From the line containing "scales_collide (htree A" through the last line of the entries below, repeat each line word for word and leave out the rest.

★ ★ ★ ★ ★ ★ ★

(* Let $\mathcal{K}$ be an $N$-dimensional asymptotic class (for some positive integer $N$) of finite trees, viewed as $\mathcal{L}_t$-structures, containing arbitrarily large finite members. Then there is $H<\omega$ such that every $A\in\mathcal{K}$ has height at most $H$.
   Context: Trees: the language $\mathcal{L}_t$ has a binary relation $\le$, a constant $\varepsilon$, a binary function $\sqcap$ and a unary function $\mathtt{pred}$. A tree is an $\mathcal{L}_t$-structure in which $\le$ is a partial order with every downset $\{a:a\le b\}$ well-ordered, $\varepsilon$ is the least element, $a\sqcap a'$ is the greatest common lower bound of $a,a'$, $\mathtt{pred}(a)$ is the greatest element strictly below $a$ for $a\ne\varepsilon$, and $\mathtt{pred}(\varepsilon)=\varepsilon$. The height of an element $a$ is the least $k$ with $\mathtt{pred}^k(a)=\varepsilon$, and the height of a finite tree is the maximum height of its elements. Asymptotic classes: for a positive integer $N$, a class $\mathcal{K}$ of finite $\mathcal{L}$-structures is an $N$-dimensional asymptotic class if for every $\mathcal{L}$-formula $\varphi(x,\bar y)$ with $|\bar y|=m$ there is a finite set of triples $(d_i,\mu_i,\theta_i(\bar y))$, $i<k$, with $d_i\in\{0,\frac1N,\dots,1\}$, $\mu_i\in[0,\infty)$ (with $\mu_i>0$ unless $d_i=0$), and $\theta_i$ $\mathcal{L}$-formulas, such that: (i) the $\theta_i$ partition $A^m$ in every $A\in\mathcal{K}$; (ii) for each $i$ and $\epsilon>0$ there is $M$ such that for all $A\in\mathcal{K}$ with $|A|\ge M$ and $\bar b\in A^m$ with $A\models\theta_i(\bar b)$, $\big||\varphi(A,\bar b)|-\mu_i|A|^{d_i}\big|\le\epsilon|A|^{d_i}$. *)

From Stdlib Require Import Reals.
From mathcomp Require Import all_boot.

Set Implicit Arguments.
Unset Strict Implicit.
Unset Printing Implicit Defensive.

Record Lt_struct := LtStruct {
  carrier :> finType;
  tle : rel carrier;
  teps : carrier;
  tmeet : carrier -> carrier -> carrier;
  tpred : carrier -> carrier
}.

Definition is_tree (A : Lt_struct) : Prop :=
  (forall a : A, tle a a) /\
  (forall a b : A, tle a b -> tle b a -> a = b) /\
  (forall a b c : A, tle a b -> tle b c -> tle a c) /\
  (forall b : A,
     (forall a a' : A, tle a b -> tle a' b -> tle a a' \/ tle a' a) /\
     (forall S : {set A}, (forall a, a \in S -> tle a b) -> S != set0 ->
        exists2 a, a \in S & forall a', a' \in S -> tle a a')) /\
  (forall a : A, tle (teps A) a) /\
  (forall a a' : A, tle (tmeet a a') a /\ tle (tmeet a a') a' /\
     forall c : A, tle c a -> tle c a' -> tle c (tmeet a a')) /\
  (forall a : A, a <> teps A ->
     (tle (tpred a) a /\ tpred a <> a) /\
     forall c : A, tle c a -> c <> a -> tle c (tpred a)) /\
  tpred (teps A) = teps A.

Definition is_height (A : Lt_struct) (a : A) (h : nat) : Prop :=
  iter h (@tpred A) a = teps A /\
  forall k, k < h -> iter k (@tpred A) a <> teps A.

Definition tree_height_le (A : Lt_struct) (H : nat) : Prop :=
  forall a : A, exists h, is_height a h /\ h <= H.

Inductive term (n : nat) : Type :=
  | TVar of 'I_n
  | TEps
  | TMeet of term n & term n
  | TPred of term n.

Inductive formula : nat -> Type :=
  | FEq n : term n -> term n -> formula n
  | FLe n : term n -> term n -> formula n
  | FNot n : formula n -> formula n
  | FAnd n : formula n -> formula n -> formula n
  | FOr n : formula n -> formula n -> formula n
  | FEx n : formula n.+1 -> formula n
  | FAll n : formula n.+1 -> formula n.

Definition scons (T : Type) (n : nat) (a : T) (e : 'I_n -> T) : 'I_n.+1 -> T :=
  fun i => match unlift ord0 i with Some j => e j | None => a end.

Fixpoint teval (A : Lt_struct) (n : nat) (e : 'I_n -> A) (t : term n) : A :=
  match t with
  | TVar i => e i
  | TEps => teps A
  | TMeet t1 t2 => tmeet (teval e t1) (teval e t2)
  | TPred t1 => tpred (teval e t1)
  end.

(* satisfaction A |= f[e]; boolean since A is finite *)
Fixpoint sat (A : Lt_struct) (n : nat) (f : formula n) : ('I_n -> A) -> bool :=
  match f in formula n return ('I_n -> A) -> bool with
  | FEq _ t1 t2 => fun e => teval e t1 == teval e t2
  | FLe _ t1 t2 => fun e => tle (teval e t1) (teval e t2)
  | FNot _ g => fun e => ~~ sat g e
  | FAnd _ g h => fun e => sat g e && sat h e
  | FOr _ g h => fun e => sat g e || sat h e
  | FEx _ g => fun e => [exists a : A, sat g (scons a e)]
  | FAll _ g => fun e => [forall a : A, sat g (scons a e)]
  end.

(* For phi(x, y) with x the variable 0 and y = (y_1..y_m):
   |phi(A, b)| = #{a in A | A |= phi(a, b)} *)
Definition def_card (A : Lt_struct) (m : nat) (phi : formula m.+1)
  (b : 'I_m -> A) : nat := #|[pred a : A | sat phi (scons a b)]|.

(* The dimension d_i in {0, 1/N, ..., 1} is encoded as (d i)/N with
   d i <= N. *)
Definition asymptotic_class (N : nat) (K : Lt_struct -> Prop) : Prop :=
  forall (m : nat) (phi : formula m.+1),
  exists (k : nat) (d : 'I_k -> nat) (mu : 'I_k -> R) (theta : 'I_k -> formula m),
    (forall i, d i <= N) /\
    (forall i, Rle 0 (mu i)) /\
    (forall i, d i <> 0 -> Rlt 0 (mu i)) /\
    (forall A, K A -> forall b : 'I_m -> A, exists! i, sat (theta i) b) /\
    (forall i (eps : R), Rlt 0 eps ->
       exists M : nat, forall A, K A -> M <= #|A| ->
         forall b : 'I_m -> A, sat (theta i) b ->
           Rle (Rabs (Rminus (INR (def_card phi b))
                        (Rmult (mu i) (Rpower (INR #|A|) (Rdiv (INR (d i)) (INR N))))))
               (Rmult eps (Rpower (INR #|A|) (Rdiv (INR (d i)) (INR N))))).

From Stdlib Require Import Reals Lra.
From mathcomp Require Import all_boot.

Set Implicit Arguments.
Unset Strict Implicit.
Unset Printing Implicit Defensive.

(* The proof uses the single formula  phi(x, y) := x <= y, whose solution set
   in a tree A with parameter b is the downset of b; its size, the depth of b,
   is the height of b plus one.

   1. A general fact about asymptotic classes (asymptotic_separation): for any
      formula phi there are finitely many parameter classes theta_i and a
      threshold c such that, in all large enough structures, two parameters of
      the same class cannot have counts >= c differing by a factor >= 3.  In
      dimension 0 the count stays below mu + 1; in positive dimension every
      count of the class is within 1/3 of mu |A|^d.
   2. In a tree every depth between 1 and the depth of a is the depth of an
      ancestor of a.  So an element of depth >= (c+1) 3^k has ancestors of depths
      (c+1) 3^j for j = 0..k, and two of these k+1 ancestors fall in the same
      of the k classes (scales_collide), contradicting 1. *)

Section RealEstimates.
Local Open Scope R_scope.

Lemma no_factor_three_in_window (mu s t t' : R) :
  0 < mu -> 0 < s ->
  Rabs (t - mu * s) <= mu / 3 * s -> Rabs (t' - mu * s) <= mu / 3 * s ->
  3 * t <= t' -> False.
Proof.
move=> hmu hs ht ht' h3.
have hx : 0 < mu * s by apply: Rmult_lt_0_compat.
have e : mu / 3 * s = mu * s / 3 by field.
rewrite e in ht ht'.
move: (mu * s) hx ht ht' => x hx ht ht'; split_Rabs; lra.
Qed.

(* The approximation error allowed for class i: 1 in dimension 0 (where mu
   may vanish), and a third of the main term in positive dimension. *)
Definition class_error (d : nat) (mu : R) : R := if d == 0%N then 1 else mu / 3.

End RealEstimates.

Lemma asymptotic_separation (N : nat) (K : Lt_struct -> Prop) (m : nat)
    (phi : formula m.+1) :
  asymptotic_class N K ->
  exists (k : nat) (theta : 'I_k -> formula m),
    (forall A, K A -> forall b : 'I_m -> A, exists i, sat (theta i) b) /\
    exists M c : nat, forall A, K A -> M <= #|A| ->
      forall i (b b' : 'I_m -> A), sat (theta i) b -> sat (theta i) b' ->
      c <= def_card phi b -> 3 * def_card phi b <= def_card phi b' -> False.
Proof.
move=> hK.
have [k [d [mu [theta [_ [_ [hmu [hpart happrox]]]]]]]] := hK m phi.
exists k, theta; split.
  by move=> A KA b; have [i [hi _]] := hpart A KA b; exists i.
have [Mf hMf] := fin_all_exists (fun i => happrox i (class_error (d i) (mu i))
  ltac:(rewrite /class_error; case: eqP => [_|/hmu]; lra)).
have [cf hcf] := fin_all_exists (fun i => INR_unbounded (Rplus (mu i) 1)).
exists (\max_i Mf i), (\max_i cf i) => A KA hM i b b' hb hb' hc h3.
have hMi : Mf i <= #|A| := leq_trans (leq_bigmax i) hM.
have := hMf i A KA hMi b hb; have := hMf i A KA hMi b' hb'.
rewrite /class_error; case: eqP => [hd _|hd].
- (* dimension 0: the count is at most mu + 1 < c *)
  rewrite hd /Rdiv Rmult_0_l /Rpower Rmult_0_l exp_0 !Rmult_1_r => hb_approx.
  have hcb : Rle (INR (cf i)) (INR (def_card phi b)).
    by apply/le_INR/leP/(leq_trans (leq_bigmax i)).
  have := hcf i; move: hb_approx; split_Rabs; lra.
-
  move=> hb'_approx hb_approx.
  apply: (no_factor_three_in_window (hmu i hd) (exp_pos _) hb_approx hb'_approx).
  by rewrite -(INR_IZR_INZ 3) -mult_INR; apply/le_INR/leP.
Qed.

(* The depth of b: the number of elements below b, i.e. its height plus one. *)
Definition depth (A : Lt_struct) (b : A) : nat := #|[pred x : A | tle x b]|.

Section TreeDepth.
Variable A : Lt_struct.
Hypothesis treeA : is_tree A.

Lemma tle_refl (a : A) : tle a a.
Proof. by case: treeA. Qed.

Lemma tle_anti (a b : A) : tle a b -> tle b a -> a = b.
Proof. by case: treeA => _ [anti _]; apply: anti. Qed.

Lemma tle_trans (a b c : A) : tle a b -> tle b c -> tle a c.
Proof. by case: treeA => _ [_ [trans _]]; apply: trans. Qed.

Lemma teps_least (a : A) : tle (teps A) a.
Proof. by case: treeA => _ [_ [_ [_ [least _]]]]. Qed.

Lemma tpred_spec (a : A) : a <> teps A ->
  (tle (tpred a) a /\ tpred a <> a) /\
  forall c : A, tle c a -> c <> a -> tle c (tpred a).
Proof. by case: treeA => _ [_ [_ [_ [_ [_ [hpred _]]]]]]; apply: hpred. Qed.

Lemma depth_pos (b : A) : 0 < depth b.
Proof. by apply/card_gt0P; exists b; rewrite inE /= tle_refl. Qed.

Lemma depth_eps : depth (teps A) = 1.
Proof.
rewrite /depth -(card1 (teps A)); apply: eq_card => x; rewrite !inE.
apply/idP/eqP => [h|->]; [exact: tle_anti h (teps_least x) | exact: tle_refl].
Qed.

(* Below b, the downset of pred b is that of b with b itself removed. *)
Lemma depth_pred (b : A) :
  1 < depth b -> b <> teps A /\ depth (tpred b) = (depth b).-1.
Proof.
move=> h2.
have hb : b <> teps A by move=> e; move: h2; rewrite e depth_eps.
split=> //.
have [[hpb hpn] hmax] := tpred_spec hb.
rewrite /depth [in RHS](cardD1 b) inE /= tle_refl /=.
apply: eq_card => x; rewrite !inE.
apply/idP/andP => [h|[/eqP hn h]]; last exact: hmax.
split; last exact: tle_trans h hpb.
by apply/eqP => e; subst x; apply: hpn; apply: tle_anti.
Qed.

Lemma depth_attained (b : A) (j : nat) :
  0 < j <= depth b -> exists b' : A, depth b' = j.
Proof.
move=> /andP [hj1]; move hb: (depth b) => n; elim: n b hb => [|n IH] b hb hj.
  by move: (leq_trans hj1 hj).
case: (ltngtP j n.+1) hj => // [hlt _|-> _]; last by exists b.
have [_ hp] : b <> teps A /\ depth (tpred b) = (depth b).-1.
  by apply: depth_pred; rewrite hb ltnS (leq_trans hj1) // -ltnS.
by apply: (IH (tpred b)); rewrite ?hp ?hb // -ltnS.
Qed.

(* The height of a is its depth minus one: a has depth n+1 exactly when a
   chain of n predecessor steps leads from a down to eps. *)
Lemma is_height_depth (a : A) : is_height a (depth a).-1.
Proof.
move ha: (depth a) => n; elim: n a ha => [|n IH] a ha.
  by move: (depth_pos a); rewrite ha.
case: n IH ha => [_ ha|n IH ha].
- split=> //=.
  apply: tle_anti (teps_least a).
  move: ha; rewrite /depth (cardD1 a) inE /= tle_refl => /eqP.
  rewrite eqSS => /eqP/card0_eq /(_ (teps A)); rewrite !inE teps_least andbT.
  by move/negbT; rewrite negbK => /eqP <-; apply: tle_refl.
- have [hne hp] := depth_pred (ltac:(by rewrite ha) : 1 < depth a).
  have [hiter hbelow] := IH (tpred a) ltac:(by rewrite hp ha).
  split; first by rewrite iterSr.
  by case=> [|k] hk //=; rewrite -iterS iterSr; apply: hbelow.
Qed.

Lemma tree_height_le_depth (H : nat) :
  (forall a : A, depth a <= H) -> tree_height_le A H.
Proof.
move=> hd a; exists (depth a).-1; split; first exact: is_height_depth.
exact: leq_trans (leq_pred _) (hd a).
Qed.

(* Pigeonhole: if the elements of a tall tree are covered by k classes, some
   class contains two elements of depth >= c whose depths differ by a
   factor >= 3; they are found among the ancestors of depth (c+1) 3^j. *)
Lemma scales_collide (k c : nat) (P : 'I_k -> A -> Prop) (a : A) :
  (forall b, exists i, P i b) -> c.+1 * 3 ^ k <= depth a ->
  exists i (b b' : A), [/\ P i b, P i b', c <= depth b & 3 * depth b <= depth b'].
Proof.
move=> hcover htall.
have ancestors : forall j : 'I_k.+1, exists b : A, depth b = c.+1 * 3 ^ j.
  move=> j; apply: (depth_attained (b := a)).
  rewrite muln_gt0 expn_gt0 /=; apply: leq_trans htall.
  by rewrite leq_mul2l leq_pexp2l // -ltnS.
have [bf hbf] := fin_all_exists ancestors.
have [g hg] := fin_all_exists (fun j => hcover (bf j)).
have /injectivePn [j [j' hjj' hgj]] : ~~ injectiveb g.
  by apply/injectiveP => /leq_card; rewrite !card_ord ltnn.
wlog hlt : j j' hjj' hgj / j < j'.
  move=> hwlog; have [h|h|/val_inj h] := ltngtP j j'.
  - exact: (hwlog j j').
  - by apply: (hwlog j' j); rewrite // eq_sym.
  - by move: hjj'; rewrite h eqxx.
exists (g j), (bf j), (bf j'); rewrite !hbf; split=> //; first by rewrite hgj.
  by rewrite (leq_trans (leqnSn c)) // leq_pmulr // expn_gt0.
by rewrite mulnCA -expnS leq_mul2l leq_pexp2l.
Qed.

End TreeDepth.

Definition below_formula : formula 2 :=
  FLe (TVar (ord0 : 'I_2)) (TVar (ord_max : 'I_2)).

Lemma def_card_below (A : Lt_struct) (b : A) :
  def_card below_formula (fun _ => b) = depth b.
Proof.
rewrite /def_card /depth; apply: eq_card => x; rewrite !inE /=.
by rewrite /scons /= unlift_none; case: unliftP.
Qed.

Theorem mainTheorem16 (N : nat) (K : Lt_struct -> Prop) :
  0 < N ->
  (forall A, K A -> is_tree A) ->
  asymptotic_class N K ->
  (forall n : nat, exists A, K A /\ n <= #|A|) ->
  exists H : nat, forall A, K A -> tree_height_le A H.
Proof.
move=> _ htree hK _.
have [k [theta [hcover [M [c hsep]]]]] := asymptotic_separation below_formula hK.
exists (maxn M (c.+1 * 3 ^ k)) => A KA.
apply: (tree_height_le_depth (htree A KA)) => a.
rewrite leqNgt; apply/negP; rewrite gtn_max => /andP [hM htall].
have [i [b [b' [hb hb' hc h3]]]] :=
  scales_collide (htree A KA) (P := fun i b => sat (theta i) (fun _ => b))
    (fun b => hcover A KA (fun _ => b)) (ltnW htall).
apply: (hsep A KA _ i _ _ hb hb'); rewrite ?def_card_below //.
exact: leq_trans (ltnW hM) (max_card _).
Qed.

★ ★ ★ ★ ★ ★ ★

■ Reply to the task ■
  scales_collide (htree A KA) (P := fun i b => sat (theta i) (fun _ => b))
    (fun b => hcover A KA (fun _ => b)) (ltnW htall).
apply: (hsep A KA _ i _ _ hb hb'); rewrite ?def_card_below //.
exact: leq_trans (ltnW hM) (max_card _).
Qed.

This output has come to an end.